His construction of the polar opposite between two particular types of civilization identities has influenced the way in which Washington policy makers shaped and continue to exert the politics of imperial foreign policy over the oriental Islamic world.

This imperial power has been completed through various forms of political imperialism, ranging from the aggressive “war on terror”, the one-sided battle against Iraq, the invasion of Afghanistan, and the open confrontation with Iran.

In the pursuit of his academic career, Huntington did not seem to operate his intellectual position as befitted a value-free political scientist. Indeed, he was actively engaged in advocating a particular type of academic legitimacy to the supremacy of the American empire. His scholarship and the pursuit of American empire were locked in a tight mutual interest between himself and his beloved nation.

Three years before his death, Huntington shifted his academic concerns away from international politics to America’s national identity after the latter was faced with a national crisis. In 2005, Huntington published his last book, Who are we? The Challenges to America’s National Identity, an equally controversial book to his previous thesis of “The Clash of Civilizations and the Remarking of World Order.”

Both works are equally compelling proof for the intertwined ethics of scholarship and his fierce loyalty to the larger political interests of the US imperial power. During the last years of his life, Huntington felt that, as a proud American citizen, his beloved nation was at the crossroads.
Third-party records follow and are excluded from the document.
(* Let $D$ be a strongly connected digraph, $T$ a DFS tree of $D$ rooted at $r$, and $H$ a connected subdigraph of $T$. Let $G_H$ be the undirected graph with vertex set $V(H)$ in which $uv$ is an edge whenever $D$ has a backward arc (with respect to $T$) from $u$ to $v$ or from $v$ to $u$. Then $\chi_A(D\langle V(H)\rangle)\le \chi(G_H)$.
   Context: Digraphs are finite and loopless; paths and cycles are directed. $D\langle U\rangle$ denotes the subdigraph of $D$ induced by $U\subseteq V(D)$. $\chi$ is the usual chromatic number of an undirected graph. A set of vertices is acyclic if it induces no directed cycle; $\chi_A$ is the minimum number of colors in a coloring whose color classes are all acyclic. A DFS tree $T$ of a strongly connected digraph $D$ rooted at $r$ is the spanning out-branching of $D$ produced by a depth-first search of $D$ started at $r$. A vertex $v$ is a descendant of $u$ (and $u$ an ancestor of $v$) if $T$ contains a directed $uv$-path. An arc $(u,v)$ of $D$ is a backward arc if $u$ is a descendant of $v$. *)

From mathcomp Require Import all_boot.
Set Implicit Arguments. Unset Strict Implicit. Unset Printing Implicit Defensive.

Section Digraphs.
Variable V : finType.
Variable arc : rel V.

Definition loopless : Prop := forall x, ~~ arc x x.

Definition strongly_connected : Prop := forall x y, connect arc x y.

Definition out_nbrs (u : V) : seq V := [seq w <- enum V | arc u w].

(* Nondeterministic depth-first search.
   [dfs_from vis u vis' t] : starting DFS at u (u not yet visited) with visited
   list [vis], u is marked visited, its out-neighbours are scanned in an
   arbitrary order, each unvisited one is explored recursively (adding the
   tree arc); the final visited list is [vis'] and the tree arcs produced
   are [t].  [dfs_list vis u ns vis' t] scans the remaining neighbours [ns]
   of u. *)
Inductive dfs_from : seq V -> V -> seq V -> seq (V * V) -> Prop :=
| DfsFrom vis u ns vis' t :
    perm_eq ns (out_nbrs u) ->
    dfs_list (u :: vis) u ns vis' t ->
    dfs_from vis u vis' t
with dfs_list : seq V -> V -> seq V -> seq V -> seq (V * V) -> Prop :=
| DfsNil vis u : dfs_list vis u [::] vis [::]
| DfsSeen vis u w ns vis' t :
    w \in vis -> dfs_list vis u ns vis' t -> dfs_list vis u (w :: ns) vis' t
| DfsNew vis u w ns vis1 t1 vis2 t2 :
    w \notin vis -> dfs_from vis w vis1 t1 -> dfs_list vis1 u ns vis2 t2 ->
    dfs_list vis u (w :: ns) vis2 ((u, w) :: t1 ++ t2).

Definition is_DFS_tree (r : V) (T : rel V) : Prop :=
  exists vis t, dfs_from [::] r vis t /\ forall x y, T x y = ((x, y) \in t).

Definition descendant (T : rel V) (v u : V) : bool := connect T u v.

Definition backward_arc (T : rel V) (u v : V) : bool :=
  arc u v && descendant T u v.

Definition connected_subdigraph (T : rel V) (VH : {set V}) (EH : rel V) : Prop :=
  (forall x y, EH x y -> [&& T x y, x \in VH & y \in VH]) /\
  (forall x y, x \in VH -> y \in VH ->
     connect [rel a b | EH a b || EH b a] x y).

Definition GH_edge (T : rel V) (VH : {set V}) (u v : V) : bool :=
  [&& u \in VH, v \in VH & backward_arc T u v || backward_arc T v u].

Definition proper_coloring (S : {set V}) (e : rel V) (k : nat) (f : V -> nat) : Prop :=
  (forall x, x \in S -> f x < k) /\
  (forall x y, x \in S -> y \in S -> e x y -> f x != f y).

Definition induced_arc (S : {set V}) : rel V :=
  [rel a b | [&& a \in S, b \in S & arc a b]].

Definition acyclic_set (S : {set V}) : bool :=
  ~~ [exists x, exists y, induced_arc S x y && connect (induced_arc S) y x].

Definition acyclic_coloring (S : {set V}) (k : nat) (f : V -> nat) : Prop :=
  (forall x, x \in S -> f x < k) /\
  (forall i, acyclic_set [set x in S | f x == i]).

Definition is_chromatic_number (S : {set V}) (e : rel V) (n : nat) : Prop :=
  (exists f, proper_coloring S e n f) /\
  (forall m f, proper_coloring S e m f -> n <= m).

Definition is_acyclic_chromatic_number (S : {set V}) (n : nat) : Prop :=
  (exists f, acyclic_coloring S n f) /\
  (forall m f, acyclic_coloring S m f -> n <= m).

End Digraphs.

From mathcomp Require Import all_boot.

Set Implicit Arguments. Unset Strict Implicit. Unset Printing Implicit Defensive.

(* Number the vertices by DFS finishing time.  Every arc [x -> y] of a strongly
   connected digraph either goes to an ancestor of [x] in the DFS tree (a
   backward arc) or to a vertex finished before [x].  A proper coloring of
   G_H gives the two ends of every backward arc inside V(H) different colors,
   so inside a color class every arc strictly decreases the finishing time,
   and the class induces no directed cycle. *)

Scheme dfs_from_mind := Induction for dfs_from Sort Prop
  with dfs_list_mind := Induction for dfs_list Sort Prop.

Section RankDecreasing.
Variables (T : finType) (e : rel T) (rk : T -> nat).
Hypothesis e_rk_decr : forall a b, e a b -> rk b < rk a.

Lemma connect_rank_le x y : connect e x y -> rk y <= rk x.
Proof.
case/connectP=> s es ->; elim: s x es => //= z s IHs x /andP[exz es].
exact: leq_trans (IHs z es) (ltnW (e_rk_decr exz)).
Qed.

Lemma rank_decreasing_acyclic x y : e x y -> ~~ connect e y x.
Proof.
move=> exy; apply/negP=> /connect_rank_le cyx.
by have := leq_trans (e_rk_decr exy) cyx; rewrite ltnn.
Qed.

End RankDecreasing.

Section DepthFirstSearch.
Variables (V : finType) (arc : rel V).

Definition arcs_rel (t : seq (V * V)) : rel V := fun a b => (a, b) \in t.

Lemma connect_arcs_rel_subset (t t' : seq (V * V)) :
  {subset t <= t'} -> subrel (connect (arcs_rel t)) (connect (arcs_rel t')).
Proof. by move=> sub_t; apply: connect_sub => x y xy; apply: connect1; apply: sub_t. Qed.

(* Invariant of a DFS call from [root]: [p] lists the newly visited vertices
   in finishing order, and an arc leaving [p] ends in the previously visited
   [vis], at a tree ancestor, or at a vertex finished earlier. *)
Definition dfs_postorder (vis vis' : seq V) (t : seq (V * V)) (p : seq V)
    (root : V) : Prop :=
  [/\ vis' =i vis ++ p,
      {in p, forall x, x \notin vis},
      {in p, forall x, connect (arcs_rel t) root x} &
      {in p, forall x y, arc x y ->
         (y \in vis) || (y \in p) && (connect (arcs_rel t) y x || (index y p < index x p))}].

Lemma dfs_postorder_nil vis u : dfs_postorder vis vis [::] [::] u.
Proof. by split=> // x; rewrite cats0. Qed.

Lemma dfs_postorder_finish vis vis' t p u :
  u \notin vis -> {subset out_nbrs arc u <= vis'} ->
  dfs_postorder (u :: vis) vis' t p u -> dfs_postorder vis vis' t (rcons p u) u.
Proof.
move=> u_vis nbrs_vis' [vis'E p_new p_reach p_arcs].
have u_p : u \notin p by apply/negP=> /p_new; rewrite mem_head.
have index_u : index u (rcons p u) = size p.
  by rewrite -cats1 index_cat (negbTE u_p) /= eqxx addn0.
have index_p y : y \in p -> index y (rcons p u) = index y p.
  by move=> y_p; rewrite -cats1 index_cat y_p.
split.
- by move=> x; rewrite vis'E !mem_cat mem_rcons !in_cons; case: (x == u); rewrite ?orbT.
- move=> x; rewrite mem_rcons in_cons => /orP[/eqP-> // | /p_new].
  by rewrite in_cons negb_or => /andP[].
- move=> x; rewrite mem_rcons in_cons => /orP[/eqP-> | /p_reach //].
  exact: connect0.
- move=> x; rewrite mem_rcons in_cons => /orP[/eqP-> | x_p] y axy.
  + have : y \in vis' by apply: nbrs_vis'; rewrite mem_filter axy mem_enum.
    rewrite vis'E mem_cat in_cons -orbA => /or3P[/eqP-> | -> // | y_p].
    * by rewrite mem_rcons mem_head connect0 orbT.
    * by rewrite mem_rcons in_cons y_p index_u index_p // index_mem y_p !orbT.
  + have := p_arcs x x_p y axy; rewrite in_cons -orbA.
    case/or3P=> [/eqP-> | -> // | /andP[y_p yx]].
    * by rewrite mem_rcons mem_head p_reach // orbT.
    * by rewrite mem_rcons in_cons y_p !index_p // yx orbT andbT orbT.
Qed.

Lemma dfs_postorder_cat vis vis1 vis2 t1 t2 p1 p2 u w :
  w \in p1 -> dfs_postorder vis vis1 t1 p1 w -> dfs_postorder vis1 vis2 t2 p2 u ->
  dfs_postorder vis vis2 ((u, w) :: t1 ++ t2) (p1 ++ p2) u.
Proof.
move=> w_p1 [vis1E p1_new p1_reach p1_arcs] [vis2E p2_new p2_reach p2_arcs].
set t := (u, w) :: t1 ++ t2.
have sub_t1 : {subset t1 <= t} by move=> a a_t1; rewrite in_cons mem_cat a_t1 orbT.
have sub_t2 : {subset t2 <= t} by move=> a a_t2; rewrite in_cons mem_cat a_t2 !orbT.
have p2_p1 x : x \in p2 -> x \notin p1.
  by move=> x_p2; have := p2_new x x_p2; rewrite vis1E mem_cat negb_or => /andP[].
split.
- by move=> x; rewrite vis2E mem_cat vis1E !mem_cat orbA.
- move=> x; rewrite mem_cat => /orP[/p1_new // | /p2_new].
  by rewrite vis1E mem_cat negb_or => /andP[].
- move=> x; rewrite mem_cat => /orP[x_p1 | x_p2].
  + apply: (connect_trans (y := w)); first by apply: connect1; rewrite /arcs_rel mem_head.
    exact: connect_arcs_rel_subset sub_t1 _ _ (p1_reach x x_p1).
  + exact: connect_arcs_rel_subset sub_t2 _ _ (p2_reach x x_p2).
- move=> x; rewrite mem_cat => /orP[x_p1 | x_p2] y axy.
  + case/orP: (p1_arcs x x_p1 y axy) => [-> // | /andP[y_p1 yx]].
    rewrite mem_cat y_p1 /= !index_cat y_p1 x_p1.
    by case/orP: yx => [/(connect_arcs_rel_subset sub_t1)-> | ->]; rewrite !orbT.
  + have x_np1 := p2_p1 x x_p2.
    case/orP: (p2_arcs x x_p2 y axy) => [| /andP[y_p2 yx]].
    * rewrite vis1E mem_cat => /orP[-> // | y_p1].
      rewrite mem_cat y_p1 /= !index_cat y_p1 (negbTE x_np1).
      by rewrite (leq_trans _ (leq_addr _ _)) ?index_mem ?orbT.
    * have y_np1 := p2_p1 y y_p2.
      rewrite mem_cat y_p2 orbT /= !index_cat (negbTE y_np1) (negbTE x_np1) ltn_add2l.
      by case/orP: yx => [/(connect_arcs_rel_subset sub_t2)-> | ->]; rewrite !orbT.
Qed.

Lemma dfs_from_postorder vis u vis' t :
  dfs_from arc vis u vis' t -> u \notin vis ->
  exists2 p, dfs_postorder vis vis' t p u & u \in p.
Proof.
move: vis u vis' t; apply: (@dfs_from_mind V arc
  (fun vis u vis' t _ => u \notin vis -> exists2 p, dfs_postorder vis vis' t p u & u \in p)
  (fun vis u ns vis' t _ => exists2 p, dfs_postorder vis vis' t p u & {subset ns <= vis'})).
- move=> {}vis {}u ns {}vis' {}t ns_nbrs _ [p post ns_vis'] u_vis.
  exists (rcons p u); last by rewrite mem_rcons mem_head.
  by apply: dfs_postorder_finish post => // y; rewrite -(perm_mem ns_nbrs) => /ns_vis'.
- by move=> {}vis {}u; exists [::]; first exact: dfs_postorder_nil.
- move=> {}vis {}u w ns {}vis' {}t w_vis _ [p post ns_vis']; exists p => //.
  move=> y; rewrite in_cons => /orP[/eqP-> | /ns_vis' //].
  by case: post => -> *; rewrite mem_cat w_vis.
- move=> {}vis {}u w ns vis1 t1 vis2 t2 w_vis _ IHw _ [p2 post2 ns_vis2].
  have [p1 post1 w_p1] := IHw w_vis.
  exists (p1 ++ p2); first exact: dfs_postorder_cat post1 post2.
  move=> y; rewrite in_cons => /orP[/eqP-> | /ns_vis2 //].
  case: post2 post1 => -> _ _ _ [vis1E _ _ _].
  by rewrite mem_cat vis1E mem_cat w_p1 orbT.
Qed.

Lemma dfs_arc_backward_or_finished_before r vis t :
  strongly_connected arc -> dfs_from arc [::] r vis t ->
  exists fin : V -> nat,
    forall x y, arc x y -> connect (arcs_rel t) y x || (fin y < fin x).
Proof.
move=> sc /dfs_from_postorder/(_ isT)[p [_ _ _ p_arcs] r_p].
have p_all x : x \in p.
  have /connectP[s rs ->] := sc r x; elim: s r r_p rs => //= z s IHs y y_p /andP[ayz zs].
  by apply: IHs zs; case/andP: (p_arcs y y_p z ayz).
exists (index^~ p) => x y axy.
by case/andP: (p_arcs x (p_all x) y axy).
Qed.

Lemma DFS_tree_arc_backward_or_finished_before r T :
  strongly_connected arc -> is_DFS_tree arc r T ->
  exists fin : V -> nat, forall x y, arc x y -> backward_arc arc T x y || (fin y < fin x).
Proof.
move=> sc [vis [t [dfs_r Tt]]].
have [fin fin_arcs] := dfs_arc_backward_or_finished_before sc dfs_r.
have T_t : connect T =2 connect (arcs_rel t) by apply: eq_connect => a b; rewrite Tt.
by exists fin => x y axy; rewrite /backward_arc /descendant axy T_t fin_arcs.
Qed.

Lemma color_class_acyclic T (VH : {set V}) (fin : V -> nat) (k : nat) (f : V -> nat) :
  (forall x y, arc x y -> backward_arc arc T x y || (fin y < fin x)) ->
  proper_coloring VH (GH_edge arc T VH) k f ->
  forall i, acyclic_set arc [set x in VH | f x == i].
Proof.
move=> fin_arcs [_ f_proper] i; set S := [set x in VH | f x == i].
have fin_decr a b : induced_arc arc S a b -> fin b < fin a.
  case/and3P; rewrite !inE => /andP[a_VH /eqP fa] /andP[b_VH /eqP fb] ab.
  case/orP: (fin_arcs a b ab) => // back_ab.
  have := f_proper a b a_VH b_VH; rewrite /GH_edge a_VH b_VH back_ab fa fb eqxx.
  by move/(_ isT).
apply/existsP=> -[x /existsP[y /andP[xy yx]]].
by move: yx; apply/negP; apply: rank_decreasing_acyclic fin_decr _ _ xy.
Qed.

End DepthFirstSearch.

Theorem mainTheorem5 (V : finType) (arc : rel V) (r : V) (T : rel V)
    (VH : {set V}) (EH : rel V) (chiA chi : nat) :
  loopless arc ->
  strongly_connected arc ->
  is_DFS_tree arc r T ->
  connected_subdigraph T VH EH ->
  is_acyclic_chromatic_number arc VH chiA ->
  is_chromatic_number VH (GH_edge arc T VH) chi ->
  chiA <= chi.
Proof.
move=> _ sc dfsT _ [_ chiA_min] [[f f_proper] _].
have [fin fin_arcs] := DFS_tree_arc_backward_or_finished_before sc dfsT.
apply: (chiA_min chi f); split; first by case: f_proper.
exact: color_class_acyclic fin_arcs f_proper.
Qed.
Its Anglo-Protestant national identity had come under serious threat from the increasing numbers of Latino-Mexican immigrants who were unlikely to learn English and to adjust their cultural identity to the American national identity at large.

His previous theory of the clash of major civilizations in the world is still applicable to signify the domestic challenges of Mexican immigrants who have been perceived of as a source of cultural clash with an Anglo-Protestant national identity.

Huntington seems to be monoculturalistic and was certainly not proud of having America as a projected nation of multiculturalism, for it ran contrary to the historical legacy of Anglo-Protestant American identity.Irrespective of our disagreement with his political views, we are forced to critically engage in the public discourse of certain issues that have been raised by Huntington in many of his books and scholarly articles.

The writer is a member of the board of advisers at the Centre for Strategic and International Studies (CSIS) and the Indonesian Institute.